The days of summer stretch out long.
The sun is up till late, and then rises again early. There seems to be plenty of time. But for what?
I remember when I was in my early teens, I would sit in my backyard rubbing baby oil on my pale legs, hoping the blazing Arizona sun would bake me into a dark, delicious brown.
I’d bring my family’s small Sony television with me, and plug it into an outside outlet. The screen was hard to see with all the sunlight shining on it, but it didn’t matter — the dramatic storylines of the soap operas I watched were just as easily understood through bad dialogue alone.
I’d call my best friend and see what she was doing, hoping maybe she’d invite me over to swim in her pool and talk about boys.
But mostly, I did not have too much to do.
I did not like sleep-away camp very much. Archery hurt my fingers, tennis was fine when I played against a wall in the cool shade of my garage at home, but horrible in the hot sun playing official “games,” and I was really bad at arts and crafts — my misshapen clay bowls were always embarrassing, my string creations a sad approximation of the counselors’. Really, all I wanted to do was to sit and play Chinese jacks on my bunk whenever I felt like it.
It’s funny to think how, even though I often was bored out of my mind in the backyard, I always said “no” when my mother suggested activities, refusing to partake unless they were absolutely in line with my state of mind.
Maybe I was scared, or felt like I just didn’t fit in. I can’t really say. I ripped most pages from my diary after I wrote in it, so there is no record.
All I have now are sad attempts at putting two and two together based on my actions to try and uncover the strange workings of my teenage self.
I am trying hard as a parent to re-collect my feelings and the reasons why I wanted to do everything possible on my own, even if my independence took me no further than my own backyard watching bad soap operas. (I call them bad now, but was obsessed with the shows back then — go figure.)
I can be a harsh critic of the actions, and inactions, of my children, only to have a memory of my younger self creep in and put their behavior in perspective.
There was the time when I once waited all morning for my mom to drive me to a friend’s house, begging and pleading and annoying her as she completed her many tasks before we could leave. When finally she agreed to take me, I pointed out that my friend’s place was just five houses from ours, and she was outraged. Looking back, I can only imagine.

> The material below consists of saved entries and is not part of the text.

(* The bidual $\mathcal R^{**}$ of Read's space $\mathcal R=(c_0,|||\cdot|||)$ is strictly convex; that is, for all $\bar x,\bar y$ in the unit sphere of $\mathcal R^{**}$ with $\bar x\ne\bar y$ one has $|||\bar x+\bar y|||<2$ (bidual norm).
   Context: Let $c_{00}(\mathbb Q)$ be the set of finitely supported sequences with rational coefficients, and let $(u_n)_{n\in\mathbb N}$ be a sequence in $c_{00}(\mathbb Q)$ which lists every element of $c_{00}(\mathbb Q)$ infinitely many times. Let $(a_n)_{n\in\mathbb N}$ be a strictly increasing sequence of positive integers with $a_n>\max\operatorname{supp} u_n$ and $a_n>\|u_n\|_1$ for every $n$. $(e_n)$ denotes the canonical unit vectors and $\langle x,y\rangle=\sum_n x_ny_n$. Read's norm on $c_0$ is $|||x||| = \|x\|_\infty + \sum_{n} 2^{-a_n^2}|\langle x, u_n - e_{a_n}\rangle|$, and Read's space is $\mathcal R=(c_0,|||\cdot|||)$ (real scalars). A Banach space is strictly convex if its unit sphere contains no nontrivial segment. *)

From Stdlib Require Import Reals QArith Qreals.
From Coquelicot Require Import Coquelicot.
Open Scope R_scope.

Fixpoint fsum (f : nat -> R) (n : nat) : R :=
  match n with O => 0 | S m => fsum f m + f m end.

Definition c0 (x : nat -> R) : Prop := is_lim_seq x 0.

Definition sup_norm (x : nat -> R) : R :=
  real (Lub_Rbar (fun r => exists k, r = Rabs (x k))).

(* <x, u_n - e_{a_n}>, where supp u_n lies below a_n *)
Definition read_pair (a : nat -> nat) (u : nat -> nat -> Q) (x : nat -> R) (n : nat) : R :=
  fsum (fun k => x k * Q2R (u n k)) (a n) - x (a n).

Definition read_norm (a : nat -> nat) (u : nat -> nat -> Q) (x : nat -> R) : R :=
  sup_norm x + Series (fun n => / 2 ^ (a n * a n) * Rabs (read_pair a u x n)).

Definition c00Q (v : nat -> Q) : Prop := exists N, forall k, (N <= k)%nat -> (v k == 0)%Q.

Definition read_data (a : nat -> nat) (u : nat -> nat -> Q) : Prop :=
  (forall v : nat -> Q, c00Q v -> forall m, exists n, (m <= n)%nat /\ forall k, (u n k == v k)%Q) /\
  (forall n, (0 < a n)%nat) /\ (forall n, (a n < a (S n))%nat) /\
  (forall n k, ~ (u n k == 0)%Q -> (k < a n)%nat) /\
  (forall n, fsum (fun k => Rabs (Q2R (u n k))) (a n) < INR (a n)).

(* Dual R^* : bounded linear functionals on (c_0, |||.|||) (only their values on c_0 matter) *)
Definition dual_elt a u (f : (nat -> R) -> R) : Prop :=
  (forall x y (al be : R), c0 x -> c0 y ->
      f (fun k => al * x k + be * y k) = al * f x + be * f y) /\
  (exists C, forall x, c0 x -> Rabs (f x) <= C * read_norm a u x).

Definition dual_norm a u (f : (nat -> R) -> R) : R :=
  real (Lub_Rbar (fun r => exists x, c0 x /\ read_norm a u x <= 1 /\ r = Rabs (f x))).

Definition bidual_elt a u (P : ((nat -> R) -> R) -> R) : Prop :=
  (forall f g (al be : R), dual_elt a u f -> dual_elt a u g ->
      P (fun x => al * f x + be * g x) = al * P f + be * P g) /\
  (exists C, forall f, dual_elt a u f -> Rabs (P f) <= C * dual_norm a u f).

Definition bidual_norm a u (P : ((nat -> R) -> R) -> R) : R :=
  real (Lub_Rbar (fun r => exists f, dual_elt a u f /\ dual_norm a u f <= 1 /\ r = Rabs (P f))).

Definition bidual_eq a u (P Q : ((nat -> R) -> R) -> R) : Prop :=
  forall f, dual_elt a u f -> P f = Q f.

From Stdlib Require Import Reals QArith Qreals Lia Lra FunctionalExtensionality Classical.
From Coquelicot Require Import Coquelicot.
Open Scope R_scope.

(* Every f in R^* is determined by the summable sequence f(e_k), and an element
   P of R^** by the bounded sequence x_k = P(e_k^* ) of its coordinates: P f is
   the limit of f on the truncations of x.  Testing P against the functionals
   sign(x_k) e_k^* + sum_{n<M} 2^{-a_n^2} sign<x, u_n - e_{a_n}> (u_n - e_{a_n})^*
   gives ||P|| = |||x|||, so R^** is isometric to (l_infty, |||.|||).  If
   |||x||| = |||y||| = 1 and |||x + y||| = 2, equality in each term of the series
   forces <x, u_n - e_{a_n}> and <y, u_n - e_{a_n}> to have the same sign for
   every n; as the u_n run through all rational combinations of e_i and e_j, this
   makes x and y proportional, hence equal. *)

Lemma fsum_ext (f g : nat -> R) n :
  (forall k, (k < n)%nat -> f k = g k) -> fsum f n = fsum g n.
Proof.
  induction n as [|n IH]; intros H; simpl; [reflexivity|].
  f_equal; [apply IH; intros k Hk|]; apply H; lia.
Qed.

Lemma fsum_plus (f g : nat -> R) n : fsum (fun k => f k + g k) n = fsum f n + fsum g n.
Proof. induction n as [|n IH]; simpl; [ring|]. rewrite IH; ring. Qed.

Lemma fsum_scal c (f : nat -> R) n : fsum (fun k => c * f k) n = c * fsum f n.
Proof. induction n as [|n IH]; simpl; [ring|]. rewrite IH; ring. Qed.

Lemma fsum_le (f g : nat -> R) n :
  (forall k, (k < n)%nat -> f k <= g k) -> fsum f n <= fsum g n.
Proof.
  induction n as [|n IH]; intros H; simpl; [lra|].
  apply Rplus_le_compat; [apply IH; intros k Hk|]; apply H; lia.
Qed.

Lemma Rabs_fsum_le (f : nat -> R) n : Rabs (fsum f n) <= fsum (fun k => Rabs (f k)) n.
Proof.
  induction n as [|n IH]; simpl; [rewrite Rabs_R0; lra|].
  eapply Rle_trans; [apply Rabs_triang|lra].
Qed.

Lemma fsum_nonneg (f : nat -> R) n : (forall k, 0 <= f k) -> 0 <= fsum f n.
Proof. intros H; induction n as [|n IH]; simpl; [lra|]. specialize (H n); lra. Qed.

Lemma fsum_indicator c i n :
  fsum (fun k => if Nat.eqb k i then c else 0) n = if Nat.ltb i n then c else 0.
Proof.
  induction n as [|n IH]; simpl; [destruct i; reflexivity|]. rewrite IH.
  destruct (Nat.eqb_spec n i), (Nat.ltb_spec i n), (Nat.ltb_spec i (S n)); try lia; lra.
Qed.

Lemma fsum_skip_prefix (g : nat -> R) K L :
  fsum (fun k => if Nat.ltb k K then 0 else g k) L + fsum g (Nat.min K L) = fsum g L.
Proof.
  induction L as [|L IH]; simpl; [rewrite Nat.min_0_r; simpl; ring|].
  destruct (Nat.ltb_spec L K).
  - rewrite Nat.min_r in * by lia. simpl. lra.
  - rewrite Nat.min_l in * by lia. lra.
Qed.

Lemma fsum_S_sum_n (f : nat -> R) n : fsum f (S n) = sum_n f n.
Proof.
  induction n as [|n IH]; [simpl; rewrite sum_O; ring|].
  rewrite sum_Sn, <- IH. reflexivity.
Qed.

Lemma sum_n_nonneg_incr (a : nat -> R) :
  (forall n, 0 <= a n) -> forall n, sum_n a n <= sum_n a (S n).
Proof. intros Ha n. rewrite sum_Sn. specialize (Ha (S n)). unfold plus; simpl; lra. Qed.

Lemma ex_series_le_of_fsum_le (a : nat -> R) c :
  (forall n, 0 <= a n) -> (forall M, fsum a M <= c) -> ex_series a /\ Series a <= c.
Proof.
  intros Ha Hc.
  assert (Hb : forall n, sum_n a n <= c) by (intros n; rewrite <- fsum_S_sum_n; apply Hc).
  destruct (ex_finite_lim_seq_incr _ _ (sum_n_nonneg_incr a Ha) Hb) as [l Hl].
  split; [exists l; exact Hl|].
  rewrite (is_series_unique _ _ Hl).
  exact (is_lim_seq_le _ _ _ _ Hb Hl (is_lim_seq_const c)).
Qed.

Lemma fsum_le_Series (a : nat -> R) M :
  (forall n, 0 <= a n) -> ex_series a -> fsum a M <= Series a.
Proof.
  intros Ha [l Hl]. rewrite (is_series_unique _ _ Hl).
  assert (Hl' : is_lim_seq (sum_n a) l) by exact Hl.
  assert (Hle := is_lim_seq_incr_compare _ _ Hl' (sum_n_nonneg_incr a Ha)).
  destruct M as [|M].
  - specialize (Hle O). rewrite sum_O in Hle. specialize (Ha O). simpl; lra.
  - rewrite fsum_S_sum_n. apply Hle.
Qed.

Lemma Series_nonneg (a : nat -> R) : (forall n, 0 <= a n) -> ex_series a -> 0 <= Series a.
Proof. intros Ha Hex. exact (fsum_le_Series a 0 Ha Hex). Qed.

Lemma nonneg_Series_le_0 (a : nat -> R) :
  (forall n, 0 <= a n) -> ex_series a -> Series a <= 0 -> forall n, a n = 0.
Proof.
  intros Ha Hex H0 n.
  assert (Hn := fsum_le_Series a (S n) Ha Hex). simpl in Hn.
  assert (Hs := fsum_nonneg a n Ha). specialize (Ha n). lra.
Qed.

Lemma Series_tail_lt (a : nat -> R) :
  ex_series a -> forall eps, 0 < eps ->
  exists K0, forall K, (K0 <= K)%nat -> Series a - fsum a K < eps.
Proof.
  intros Hex eps Heps.
  assert (Hl : is_lim_seq (sum_n a) (Series a)) by exact (Series_correct _ Hex).
  apply is_lim_seq_spec in Hl. destruct (Hl (mkposreal eps Heps)) as [N HN]; simpl in HN.
  exists (S N). intros [|K] HK; [lia|].
  rewrite fsum_S_sum_n. specialize (HN K ltac:(lia)). apply Rabs_def2 in HN. lra.
Qed.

What was I thinking? How can a young, able-bodied person be so incredibly lazy as to not walk to a destination a mere five houses away? How could I have been so upset with my mother for not driving me when it would have taken at most five minutes to get to my friend’s house by myself?
I do not pretend to have any idea of what courses through my kids’ brains any more than I could tell you, or myself, what went through mine when I was a teen.
I recently dragged my younger son along to a friend’s house, where he knew no one. He was uncomfortable and wanted to go home. I almost took him, but my husband suggested that he stay a while and deal. Which was true — it was not the worst thing in the world. When I finally drove him back, I told him that I spent a lot of time at my parents’ friends’ houses as a kid, being bored.
“Then why do you make me do it?” he asked.
Back then, in my backyard, I could not have seen the benefit of being dragged along to places I did not want to go, but now…
“Well,” I said, gripping the wheel harder as I tried hard to find an answer. “There are a lot of times in life when you are somewhere that you don’t want to be. Sometimes you just have to go along, be friendly, make it work.”
As I spoke the answer, it made me sad. I suppose, ideally, all of our workdays and social events would make us truly happy.
But the reality is that learning to go with the flow even when you don’t really want to can be an asset. At least I hear it can be an asset.
Oops. I guess it’s a lesson I’m still learning.